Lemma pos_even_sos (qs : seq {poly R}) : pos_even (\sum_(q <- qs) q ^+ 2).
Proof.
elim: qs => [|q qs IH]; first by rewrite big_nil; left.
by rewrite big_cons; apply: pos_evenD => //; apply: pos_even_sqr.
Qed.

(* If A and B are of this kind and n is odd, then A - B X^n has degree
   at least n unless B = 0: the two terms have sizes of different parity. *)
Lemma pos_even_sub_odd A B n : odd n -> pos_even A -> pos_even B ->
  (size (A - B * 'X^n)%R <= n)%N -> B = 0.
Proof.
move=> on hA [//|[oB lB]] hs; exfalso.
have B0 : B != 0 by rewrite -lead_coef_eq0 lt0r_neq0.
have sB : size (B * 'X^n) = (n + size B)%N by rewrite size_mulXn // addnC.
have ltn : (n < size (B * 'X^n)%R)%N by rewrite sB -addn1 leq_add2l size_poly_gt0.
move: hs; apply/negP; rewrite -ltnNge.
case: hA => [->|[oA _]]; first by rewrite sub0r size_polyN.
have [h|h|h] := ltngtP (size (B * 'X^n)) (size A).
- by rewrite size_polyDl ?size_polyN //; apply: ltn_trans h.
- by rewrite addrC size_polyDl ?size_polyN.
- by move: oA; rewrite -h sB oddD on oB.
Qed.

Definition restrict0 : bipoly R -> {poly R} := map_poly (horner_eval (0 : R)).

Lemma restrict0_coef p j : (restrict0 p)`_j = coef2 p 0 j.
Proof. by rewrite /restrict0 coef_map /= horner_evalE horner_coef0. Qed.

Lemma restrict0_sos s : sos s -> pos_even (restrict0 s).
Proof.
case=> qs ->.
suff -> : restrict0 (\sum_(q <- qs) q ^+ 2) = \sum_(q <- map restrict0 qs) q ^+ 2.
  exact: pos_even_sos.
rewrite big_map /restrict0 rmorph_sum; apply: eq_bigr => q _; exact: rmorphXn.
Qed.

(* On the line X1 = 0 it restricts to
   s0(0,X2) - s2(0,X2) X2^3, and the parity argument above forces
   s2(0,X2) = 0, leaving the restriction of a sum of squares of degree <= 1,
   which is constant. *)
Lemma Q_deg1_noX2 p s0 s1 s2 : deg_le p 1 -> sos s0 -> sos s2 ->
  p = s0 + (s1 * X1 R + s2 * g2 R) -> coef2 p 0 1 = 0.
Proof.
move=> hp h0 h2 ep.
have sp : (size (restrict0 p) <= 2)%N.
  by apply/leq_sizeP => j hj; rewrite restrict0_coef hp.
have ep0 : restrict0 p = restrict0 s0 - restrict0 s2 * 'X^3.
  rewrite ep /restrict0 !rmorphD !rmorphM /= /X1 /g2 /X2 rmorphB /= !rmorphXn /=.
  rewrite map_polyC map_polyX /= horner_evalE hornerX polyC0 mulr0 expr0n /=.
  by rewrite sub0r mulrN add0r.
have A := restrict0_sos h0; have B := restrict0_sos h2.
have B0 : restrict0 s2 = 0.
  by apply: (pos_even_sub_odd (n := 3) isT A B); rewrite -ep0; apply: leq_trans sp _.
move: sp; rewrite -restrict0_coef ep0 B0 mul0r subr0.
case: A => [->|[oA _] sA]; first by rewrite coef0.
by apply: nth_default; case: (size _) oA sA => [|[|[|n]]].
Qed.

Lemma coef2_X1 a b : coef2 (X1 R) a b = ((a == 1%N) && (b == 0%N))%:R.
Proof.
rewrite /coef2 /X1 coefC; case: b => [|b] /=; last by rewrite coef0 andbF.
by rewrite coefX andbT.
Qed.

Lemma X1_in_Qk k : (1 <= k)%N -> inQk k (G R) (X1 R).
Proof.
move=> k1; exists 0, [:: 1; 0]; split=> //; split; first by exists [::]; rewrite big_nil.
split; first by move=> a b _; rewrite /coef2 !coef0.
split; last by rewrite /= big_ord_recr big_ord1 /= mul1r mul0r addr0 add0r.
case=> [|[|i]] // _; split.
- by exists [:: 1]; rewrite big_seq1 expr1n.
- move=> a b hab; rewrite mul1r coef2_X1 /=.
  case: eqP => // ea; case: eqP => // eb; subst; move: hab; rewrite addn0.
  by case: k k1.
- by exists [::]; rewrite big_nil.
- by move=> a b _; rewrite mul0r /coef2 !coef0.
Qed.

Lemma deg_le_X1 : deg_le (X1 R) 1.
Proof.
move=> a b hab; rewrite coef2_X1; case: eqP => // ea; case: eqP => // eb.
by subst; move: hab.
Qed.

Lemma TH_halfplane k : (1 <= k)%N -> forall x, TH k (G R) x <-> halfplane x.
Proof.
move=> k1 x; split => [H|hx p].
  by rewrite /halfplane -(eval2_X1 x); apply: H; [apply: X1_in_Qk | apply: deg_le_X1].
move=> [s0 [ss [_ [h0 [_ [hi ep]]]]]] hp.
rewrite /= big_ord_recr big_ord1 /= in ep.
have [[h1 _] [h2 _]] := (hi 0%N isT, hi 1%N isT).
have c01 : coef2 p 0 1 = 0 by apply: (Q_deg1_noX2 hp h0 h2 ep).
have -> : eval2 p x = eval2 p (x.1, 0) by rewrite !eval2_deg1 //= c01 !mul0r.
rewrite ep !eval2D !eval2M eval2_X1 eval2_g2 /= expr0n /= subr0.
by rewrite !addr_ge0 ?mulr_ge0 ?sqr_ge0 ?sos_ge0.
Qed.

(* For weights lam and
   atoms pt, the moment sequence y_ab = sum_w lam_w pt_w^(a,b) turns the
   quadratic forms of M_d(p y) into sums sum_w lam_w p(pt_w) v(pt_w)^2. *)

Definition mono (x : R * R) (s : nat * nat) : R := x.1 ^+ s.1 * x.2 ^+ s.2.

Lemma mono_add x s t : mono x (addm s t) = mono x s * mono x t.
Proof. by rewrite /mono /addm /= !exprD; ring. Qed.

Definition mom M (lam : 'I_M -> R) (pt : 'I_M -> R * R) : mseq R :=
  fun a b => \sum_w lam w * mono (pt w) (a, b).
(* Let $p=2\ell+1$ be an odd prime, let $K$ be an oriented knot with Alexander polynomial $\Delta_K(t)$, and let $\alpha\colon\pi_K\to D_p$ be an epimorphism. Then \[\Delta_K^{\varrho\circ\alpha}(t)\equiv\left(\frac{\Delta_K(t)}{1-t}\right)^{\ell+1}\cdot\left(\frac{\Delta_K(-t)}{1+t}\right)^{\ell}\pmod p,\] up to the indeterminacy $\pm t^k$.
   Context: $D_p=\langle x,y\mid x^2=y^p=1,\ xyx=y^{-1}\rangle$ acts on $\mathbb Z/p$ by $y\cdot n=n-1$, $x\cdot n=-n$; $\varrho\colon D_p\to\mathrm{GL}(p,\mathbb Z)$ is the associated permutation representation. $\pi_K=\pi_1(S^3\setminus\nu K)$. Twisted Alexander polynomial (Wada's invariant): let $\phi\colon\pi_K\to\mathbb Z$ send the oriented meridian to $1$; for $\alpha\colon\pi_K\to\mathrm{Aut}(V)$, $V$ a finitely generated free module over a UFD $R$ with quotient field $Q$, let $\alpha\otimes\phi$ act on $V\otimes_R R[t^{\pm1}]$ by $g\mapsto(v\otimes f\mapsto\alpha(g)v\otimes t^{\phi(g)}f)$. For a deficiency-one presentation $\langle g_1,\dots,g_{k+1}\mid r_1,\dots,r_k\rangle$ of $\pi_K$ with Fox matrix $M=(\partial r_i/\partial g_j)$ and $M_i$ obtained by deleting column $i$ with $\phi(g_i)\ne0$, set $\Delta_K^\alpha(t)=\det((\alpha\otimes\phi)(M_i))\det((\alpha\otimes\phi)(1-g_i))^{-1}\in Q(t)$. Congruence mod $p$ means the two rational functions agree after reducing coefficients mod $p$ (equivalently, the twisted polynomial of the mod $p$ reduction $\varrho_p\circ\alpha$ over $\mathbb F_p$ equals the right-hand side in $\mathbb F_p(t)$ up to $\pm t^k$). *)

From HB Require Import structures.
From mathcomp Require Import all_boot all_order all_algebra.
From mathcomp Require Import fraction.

* * *

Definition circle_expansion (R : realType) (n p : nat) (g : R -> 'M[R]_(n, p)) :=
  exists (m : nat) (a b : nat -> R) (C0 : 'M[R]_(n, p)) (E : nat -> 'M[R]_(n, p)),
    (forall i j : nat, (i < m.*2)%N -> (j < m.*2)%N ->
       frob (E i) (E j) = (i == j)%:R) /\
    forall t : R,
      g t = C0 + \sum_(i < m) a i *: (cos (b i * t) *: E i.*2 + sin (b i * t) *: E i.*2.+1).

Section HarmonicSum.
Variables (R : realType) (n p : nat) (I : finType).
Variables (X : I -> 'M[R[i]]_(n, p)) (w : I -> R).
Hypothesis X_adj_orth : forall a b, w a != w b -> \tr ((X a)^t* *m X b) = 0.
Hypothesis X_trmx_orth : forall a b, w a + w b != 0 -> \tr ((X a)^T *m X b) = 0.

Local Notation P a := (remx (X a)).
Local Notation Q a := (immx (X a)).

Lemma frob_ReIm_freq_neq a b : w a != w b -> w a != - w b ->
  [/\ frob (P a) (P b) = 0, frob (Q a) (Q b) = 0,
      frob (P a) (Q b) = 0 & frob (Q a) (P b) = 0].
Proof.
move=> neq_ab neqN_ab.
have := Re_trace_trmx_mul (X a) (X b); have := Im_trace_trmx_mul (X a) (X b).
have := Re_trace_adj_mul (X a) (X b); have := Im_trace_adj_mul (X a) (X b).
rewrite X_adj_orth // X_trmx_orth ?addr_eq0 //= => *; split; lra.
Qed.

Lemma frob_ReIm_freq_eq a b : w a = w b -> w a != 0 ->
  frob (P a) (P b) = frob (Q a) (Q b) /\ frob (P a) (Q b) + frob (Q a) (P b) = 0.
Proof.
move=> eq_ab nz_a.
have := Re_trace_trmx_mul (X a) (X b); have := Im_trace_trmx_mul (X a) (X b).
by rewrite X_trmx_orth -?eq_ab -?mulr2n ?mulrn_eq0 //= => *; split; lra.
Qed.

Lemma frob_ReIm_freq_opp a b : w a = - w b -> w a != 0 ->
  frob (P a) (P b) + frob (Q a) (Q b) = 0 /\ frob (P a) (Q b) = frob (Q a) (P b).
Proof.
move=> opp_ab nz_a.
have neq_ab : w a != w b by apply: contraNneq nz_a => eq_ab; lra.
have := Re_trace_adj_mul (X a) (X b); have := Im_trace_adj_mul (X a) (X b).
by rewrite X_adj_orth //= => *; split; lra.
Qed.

TASK DETAILS — Start with the line above that contains "- by move: oA; rewrite -h sB oddD on oB." and end with the line that contains "suff -> : restrict0". Write out those lines exactly, and only those.

FINAL ANSWER —
- by move: oA; rewrite -h sB oddD on oB.
Qed.

Definition restrict0 : bipoly R -> {poly R} := map_poly (horner_eval (0 : R)).

Lemma restrict0_coef p j : (restrict0 p)`_j = coef2 p 0 j.
Proof. by rewrite /restrict0 coef_map /= horner_evalE horner_coef0. Qed.

Lemma restrict0_sos s : sos s -> pos_even (restrict0 s).
Proof.
case=> qs ->.
suff -> : restrict0 (\sum_(q <- qs) q ^+ 2) = \sum_(q <- map restrict0 qs) q ^+ 2.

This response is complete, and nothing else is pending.